* [Instructions for the task]:
From the listing below, retype exactly the line holding "split; [by rewrite", the line holding "have a_le1 : a <= 1 by rewrite a_def; nra.", and the lines between them; skip everything else.

··· Records to use

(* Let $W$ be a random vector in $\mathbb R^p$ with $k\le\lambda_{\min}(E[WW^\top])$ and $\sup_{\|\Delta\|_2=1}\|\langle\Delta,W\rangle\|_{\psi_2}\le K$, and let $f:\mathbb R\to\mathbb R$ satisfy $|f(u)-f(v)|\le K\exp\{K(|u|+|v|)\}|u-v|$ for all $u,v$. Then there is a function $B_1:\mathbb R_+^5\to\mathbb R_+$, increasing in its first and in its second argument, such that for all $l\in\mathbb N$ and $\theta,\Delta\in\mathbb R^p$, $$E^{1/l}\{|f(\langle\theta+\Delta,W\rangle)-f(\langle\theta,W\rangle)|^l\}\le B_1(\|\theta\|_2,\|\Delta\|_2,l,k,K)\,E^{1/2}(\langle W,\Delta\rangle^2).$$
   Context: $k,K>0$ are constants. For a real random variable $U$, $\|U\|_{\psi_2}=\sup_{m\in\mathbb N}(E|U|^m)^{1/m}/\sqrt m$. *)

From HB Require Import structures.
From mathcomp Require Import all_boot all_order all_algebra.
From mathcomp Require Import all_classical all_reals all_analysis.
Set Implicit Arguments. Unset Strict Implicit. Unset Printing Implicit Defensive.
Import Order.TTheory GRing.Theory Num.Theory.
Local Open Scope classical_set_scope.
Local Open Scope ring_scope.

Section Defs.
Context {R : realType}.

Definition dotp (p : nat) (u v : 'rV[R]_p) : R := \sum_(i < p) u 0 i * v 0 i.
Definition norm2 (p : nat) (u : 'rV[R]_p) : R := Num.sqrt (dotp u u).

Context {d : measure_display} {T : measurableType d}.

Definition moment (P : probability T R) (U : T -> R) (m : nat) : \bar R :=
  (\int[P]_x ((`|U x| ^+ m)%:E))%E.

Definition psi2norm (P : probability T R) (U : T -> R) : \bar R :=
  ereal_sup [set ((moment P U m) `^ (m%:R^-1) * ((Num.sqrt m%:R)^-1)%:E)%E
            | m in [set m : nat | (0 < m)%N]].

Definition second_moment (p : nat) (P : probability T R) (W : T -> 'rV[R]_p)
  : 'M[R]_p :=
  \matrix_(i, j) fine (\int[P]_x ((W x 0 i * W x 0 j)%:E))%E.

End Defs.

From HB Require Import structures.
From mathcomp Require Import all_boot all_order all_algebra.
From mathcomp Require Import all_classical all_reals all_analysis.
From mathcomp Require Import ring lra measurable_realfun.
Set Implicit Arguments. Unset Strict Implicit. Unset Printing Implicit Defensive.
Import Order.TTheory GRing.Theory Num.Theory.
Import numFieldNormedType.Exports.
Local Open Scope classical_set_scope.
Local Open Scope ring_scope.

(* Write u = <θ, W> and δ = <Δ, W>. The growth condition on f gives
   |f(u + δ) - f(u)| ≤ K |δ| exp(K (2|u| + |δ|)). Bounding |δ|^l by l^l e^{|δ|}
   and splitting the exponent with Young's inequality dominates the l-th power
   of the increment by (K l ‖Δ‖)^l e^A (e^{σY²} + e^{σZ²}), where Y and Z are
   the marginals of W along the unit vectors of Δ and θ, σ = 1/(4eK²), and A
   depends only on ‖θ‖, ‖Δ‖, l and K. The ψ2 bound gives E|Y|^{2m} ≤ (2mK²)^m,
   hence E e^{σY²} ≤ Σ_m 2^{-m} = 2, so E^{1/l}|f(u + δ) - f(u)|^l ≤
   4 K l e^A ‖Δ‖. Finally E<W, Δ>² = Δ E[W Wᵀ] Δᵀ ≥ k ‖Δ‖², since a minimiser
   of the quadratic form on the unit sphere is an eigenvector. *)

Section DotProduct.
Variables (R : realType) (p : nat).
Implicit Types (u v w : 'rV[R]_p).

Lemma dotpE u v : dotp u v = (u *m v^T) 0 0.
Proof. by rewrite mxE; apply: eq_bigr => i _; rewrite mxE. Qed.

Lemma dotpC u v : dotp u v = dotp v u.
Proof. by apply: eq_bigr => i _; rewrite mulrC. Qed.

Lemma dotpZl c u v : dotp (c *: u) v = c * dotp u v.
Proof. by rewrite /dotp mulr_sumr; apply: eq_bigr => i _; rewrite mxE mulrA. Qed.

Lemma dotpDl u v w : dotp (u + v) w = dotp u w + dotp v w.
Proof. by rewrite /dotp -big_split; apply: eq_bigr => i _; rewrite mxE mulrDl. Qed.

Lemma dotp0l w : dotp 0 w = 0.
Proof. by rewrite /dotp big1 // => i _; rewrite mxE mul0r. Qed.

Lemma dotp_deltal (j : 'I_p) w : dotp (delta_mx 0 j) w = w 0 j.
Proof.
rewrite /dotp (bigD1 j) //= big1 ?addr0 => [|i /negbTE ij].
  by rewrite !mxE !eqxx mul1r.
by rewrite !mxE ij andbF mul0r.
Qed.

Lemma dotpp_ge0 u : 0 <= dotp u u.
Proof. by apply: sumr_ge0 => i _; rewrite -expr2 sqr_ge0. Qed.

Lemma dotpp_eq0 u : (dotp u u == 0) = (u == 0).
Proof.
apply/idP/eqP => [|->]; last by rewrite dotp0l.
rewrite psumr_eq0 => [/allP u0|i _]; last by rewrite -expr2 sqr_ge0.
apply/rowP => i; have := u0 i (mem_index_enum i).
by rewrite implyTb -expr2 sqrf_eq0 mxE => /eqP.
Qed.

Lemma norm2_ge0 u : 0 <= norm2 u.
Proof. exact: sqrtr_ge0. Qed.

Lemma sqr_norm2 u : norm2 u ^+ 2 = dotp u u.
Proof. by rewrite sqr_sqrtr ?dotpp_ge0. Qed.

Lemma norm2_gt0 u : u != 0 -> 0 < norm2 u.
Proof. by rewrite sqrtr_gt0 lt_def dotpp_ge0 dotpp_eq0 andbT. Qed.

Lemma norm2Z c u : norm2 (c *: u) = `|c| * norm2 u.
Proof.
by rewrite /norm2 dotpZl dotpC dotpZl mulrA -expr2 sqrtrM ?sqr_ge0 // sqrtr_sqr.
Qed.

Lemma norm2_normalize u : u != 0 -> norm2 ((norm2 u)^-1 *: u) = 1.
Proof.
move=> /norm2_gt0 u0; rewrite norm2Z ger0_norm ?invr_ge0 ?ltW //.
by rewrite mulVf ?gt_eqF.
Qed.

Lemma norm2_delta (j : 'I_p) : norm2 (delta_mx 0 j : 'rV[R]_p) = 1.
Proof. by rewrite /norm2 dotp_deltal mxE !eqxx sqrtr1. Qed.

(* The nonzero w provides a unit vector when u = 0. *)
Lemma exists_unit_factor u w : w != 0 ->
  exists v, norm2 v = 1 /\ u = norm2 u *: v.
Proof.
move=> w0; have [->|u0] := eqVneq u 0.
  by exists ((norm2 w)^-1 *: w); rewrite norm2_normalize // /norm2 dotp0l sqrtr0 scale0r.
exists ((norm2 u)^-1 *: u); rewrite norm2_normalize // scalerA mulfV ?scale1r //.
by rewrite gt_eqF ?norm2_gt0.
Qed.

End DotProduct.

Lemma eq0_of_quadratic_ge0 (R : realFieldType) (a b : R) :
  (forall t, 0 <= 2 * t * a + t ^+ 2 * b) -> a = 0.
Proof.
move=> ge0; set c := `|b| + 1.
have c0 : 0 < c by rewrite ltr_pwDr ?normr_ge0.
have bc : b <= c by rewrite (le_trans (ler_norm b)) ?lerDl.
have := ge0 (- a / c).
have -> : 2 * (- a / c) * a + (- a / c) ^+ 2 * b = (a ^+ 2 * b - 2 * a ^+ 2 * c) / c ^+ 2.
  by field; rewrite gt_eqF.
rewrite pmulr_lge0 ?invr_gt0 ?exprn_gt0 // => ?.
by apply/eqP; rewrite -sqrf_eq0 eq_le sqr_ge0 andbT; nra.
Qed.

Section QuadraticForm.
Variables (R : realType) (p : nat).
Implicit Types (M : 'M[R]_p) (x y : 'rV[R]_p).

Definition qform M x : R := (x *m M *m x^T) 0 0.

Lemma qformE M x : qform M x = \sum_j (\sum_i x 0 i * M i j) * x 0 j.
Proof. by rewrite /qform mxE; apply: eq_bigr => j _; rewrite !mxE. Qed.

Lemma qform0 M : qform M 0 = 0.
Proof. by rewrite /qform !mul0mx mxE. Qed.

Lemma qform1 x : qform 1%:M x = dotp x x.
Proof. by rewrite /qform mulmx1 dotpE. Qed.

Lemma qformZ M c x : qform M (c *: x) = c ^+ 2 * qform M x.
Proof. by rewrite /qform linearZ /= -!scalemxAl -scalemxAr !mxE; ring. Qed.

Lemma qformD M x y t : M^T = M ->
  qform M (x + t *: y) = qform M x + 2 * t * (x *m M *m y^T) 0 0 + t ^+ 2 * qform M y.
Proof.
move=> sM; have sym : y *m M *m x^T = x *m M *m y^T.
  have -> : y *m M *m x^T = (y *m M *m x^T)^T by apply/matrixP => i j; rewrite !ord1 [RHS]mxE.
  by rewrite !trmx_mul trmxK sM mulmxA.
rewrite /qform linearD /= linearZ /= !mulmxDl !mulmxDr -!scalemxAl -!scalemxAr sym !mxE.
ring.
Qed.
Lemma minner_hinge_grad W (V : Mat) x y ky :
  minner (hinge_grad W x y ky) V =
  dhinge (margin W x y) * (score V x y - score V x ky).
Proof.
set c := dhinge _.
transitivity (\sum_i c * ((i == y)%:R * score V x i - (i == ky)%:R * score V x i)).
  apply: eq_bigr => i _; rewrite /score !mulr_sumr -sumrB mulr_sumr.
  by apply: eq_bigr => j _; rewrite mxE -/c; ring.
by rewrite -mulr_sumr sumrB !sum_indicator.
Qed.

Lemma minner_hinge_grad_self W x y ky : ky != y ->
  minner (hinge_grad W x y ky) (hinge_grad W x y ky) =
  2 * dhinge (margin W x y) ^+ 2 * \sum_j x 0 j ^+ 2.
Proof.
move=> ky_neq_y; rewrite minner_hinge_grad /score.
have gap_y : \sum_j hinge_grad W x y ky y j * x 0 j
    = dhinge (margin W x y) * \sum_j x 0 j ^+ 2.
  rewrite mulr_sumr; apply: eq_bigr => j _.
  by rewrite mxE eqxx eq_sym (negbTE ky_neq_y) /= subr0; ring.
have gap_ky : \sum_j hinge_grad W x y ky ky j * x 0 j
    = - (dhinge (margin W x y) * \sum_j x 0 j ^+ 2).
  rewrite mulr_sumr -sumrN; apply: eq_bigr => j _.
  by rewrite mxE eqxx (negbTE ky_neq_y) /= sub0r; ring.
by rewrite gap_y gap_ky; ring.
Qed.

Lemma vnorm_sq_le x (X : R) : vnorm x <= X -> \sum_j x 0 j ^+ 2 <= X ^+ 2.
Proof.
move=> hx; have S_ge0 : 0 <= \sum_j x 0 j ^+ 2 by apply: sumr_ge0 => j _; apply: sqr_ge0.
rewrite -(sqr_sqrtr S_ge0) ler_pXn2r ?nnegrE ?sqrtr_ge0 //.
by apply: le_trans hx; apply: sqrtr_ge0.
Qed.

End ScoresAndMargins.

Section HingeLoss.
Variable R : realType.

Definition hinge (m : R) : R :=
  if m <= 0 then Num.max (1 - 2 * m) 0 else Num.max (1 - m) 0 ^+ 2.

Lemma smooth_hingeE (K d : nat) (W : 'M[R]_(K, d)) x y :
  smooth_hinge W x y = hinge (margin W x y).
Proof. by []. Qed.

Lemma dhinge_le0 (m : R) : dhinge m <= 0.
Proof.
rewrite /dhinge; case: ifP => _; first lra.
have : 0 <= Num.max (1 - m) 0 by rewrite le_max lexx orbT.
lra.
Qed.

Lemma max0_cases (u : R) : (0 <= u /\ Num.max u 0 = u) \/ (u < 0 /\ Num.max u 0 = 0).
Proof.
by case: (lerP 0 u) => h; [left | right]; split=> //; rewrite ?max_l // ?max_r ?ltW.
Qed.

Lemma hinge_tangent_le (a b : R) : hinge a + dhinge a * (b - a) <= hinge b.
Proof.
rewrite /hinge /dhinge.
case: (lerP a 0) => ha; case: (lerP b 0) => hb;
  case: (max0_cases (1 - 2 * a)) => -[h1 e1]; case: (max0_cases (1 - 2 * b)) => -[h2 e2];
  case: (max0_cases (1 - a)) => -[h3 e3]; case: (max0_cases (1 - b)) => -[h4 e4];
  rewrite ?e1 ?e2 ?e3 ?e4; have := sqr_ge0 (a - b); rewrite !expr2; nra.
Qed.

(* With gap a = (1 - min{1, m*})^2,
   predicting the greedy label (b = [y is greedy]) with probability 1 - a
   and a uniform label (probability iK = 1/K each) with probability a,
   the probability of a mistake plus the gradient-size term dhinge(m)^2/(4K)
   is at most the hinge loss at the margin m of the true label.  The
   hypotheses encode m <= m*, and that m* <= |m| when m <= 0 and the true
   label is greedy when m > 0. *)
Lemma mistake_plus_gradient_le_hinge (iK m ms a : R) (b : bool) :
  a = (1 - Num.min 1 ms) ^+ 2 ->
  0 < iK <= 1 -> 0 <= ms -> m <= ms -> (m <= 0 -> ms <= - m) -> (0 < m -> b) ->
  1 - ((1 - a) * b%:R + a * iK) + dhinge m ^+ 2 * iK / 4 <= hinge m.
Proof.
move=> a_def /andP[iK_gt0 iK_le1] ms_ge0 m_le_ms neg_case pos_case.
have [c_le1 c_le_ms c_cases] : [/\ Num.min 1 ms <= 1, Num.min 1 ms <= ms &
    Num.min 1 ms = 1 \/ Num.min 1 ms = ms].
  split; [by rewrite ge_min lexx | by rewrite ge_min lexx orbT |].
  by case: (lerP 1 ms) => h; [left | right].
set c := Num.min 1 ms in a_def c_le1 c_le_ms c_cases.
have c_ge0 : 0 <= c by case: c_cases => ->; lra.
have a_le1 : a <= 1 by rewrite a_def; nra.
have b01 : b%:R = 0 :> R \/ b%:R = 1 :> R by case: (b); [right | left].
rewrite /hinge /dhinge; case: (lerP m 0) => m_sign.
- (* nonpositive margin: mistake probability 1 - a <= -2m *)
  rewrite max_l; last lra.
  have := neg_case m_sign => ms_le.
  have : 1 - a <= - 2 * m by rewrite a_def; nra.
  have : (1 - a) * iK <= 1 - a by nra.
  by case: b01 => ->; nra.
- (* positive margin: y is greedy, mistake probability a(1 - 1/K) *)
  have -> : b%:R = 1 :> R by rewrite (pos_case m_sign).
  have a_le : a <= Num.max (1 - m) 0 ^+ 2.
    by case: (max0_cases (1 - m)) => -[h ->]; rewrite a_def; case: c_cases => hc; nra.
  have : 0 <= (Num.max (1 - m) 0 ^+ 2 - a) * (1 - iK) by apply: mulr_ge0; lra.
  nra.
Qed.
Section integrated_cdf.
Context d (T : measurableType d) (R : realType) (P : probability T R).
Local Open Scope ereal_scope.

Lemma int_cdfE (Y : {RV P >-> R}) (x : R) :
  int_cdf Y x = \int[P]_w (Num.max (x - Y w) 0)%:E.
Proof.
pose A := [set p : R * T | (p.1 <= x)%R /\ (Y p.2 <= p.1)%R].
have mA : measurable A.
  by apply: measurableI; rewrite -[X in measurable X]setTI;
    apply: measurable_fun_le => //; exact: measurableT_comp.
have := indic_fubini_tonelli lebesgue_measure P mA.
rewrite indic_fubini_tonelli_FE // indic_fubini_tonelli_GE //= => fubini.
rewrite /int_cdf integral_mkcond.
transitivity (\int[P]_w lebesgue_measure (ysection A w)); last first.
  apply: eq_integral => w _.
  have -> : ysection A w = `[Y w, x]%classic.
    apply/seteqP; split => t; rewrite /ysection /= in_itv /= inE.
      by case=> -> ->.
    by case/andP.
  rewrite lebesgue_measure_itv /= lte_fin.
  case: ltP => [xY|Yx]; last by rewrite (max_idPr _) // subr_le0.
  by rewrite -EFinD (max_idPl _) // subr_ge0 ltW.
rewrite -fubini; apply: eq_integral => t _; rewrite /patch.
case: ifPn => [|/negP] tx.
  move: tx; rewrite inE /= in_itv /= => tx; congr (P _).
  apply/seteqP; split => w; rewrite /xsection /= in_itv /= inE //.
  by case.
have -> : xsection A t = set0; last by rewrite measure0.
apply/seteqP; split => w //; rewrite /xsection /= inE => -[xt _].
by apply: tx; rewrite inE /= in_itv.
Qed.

······

* [Answer box]:
  split; [by rewrite ge_min lexx | by rewrite ge_min lexx orbT |].
  by case: (lerP 1 ms) => h; [left | right].
set c := Num.min 1 ms in a_def c_le1 c_le_ms c_cases.
have c_ge0 : 0 <= c by case: c_cases => ->; lra.
have a_le1 : a <= 1 by rewrite a_def; nra.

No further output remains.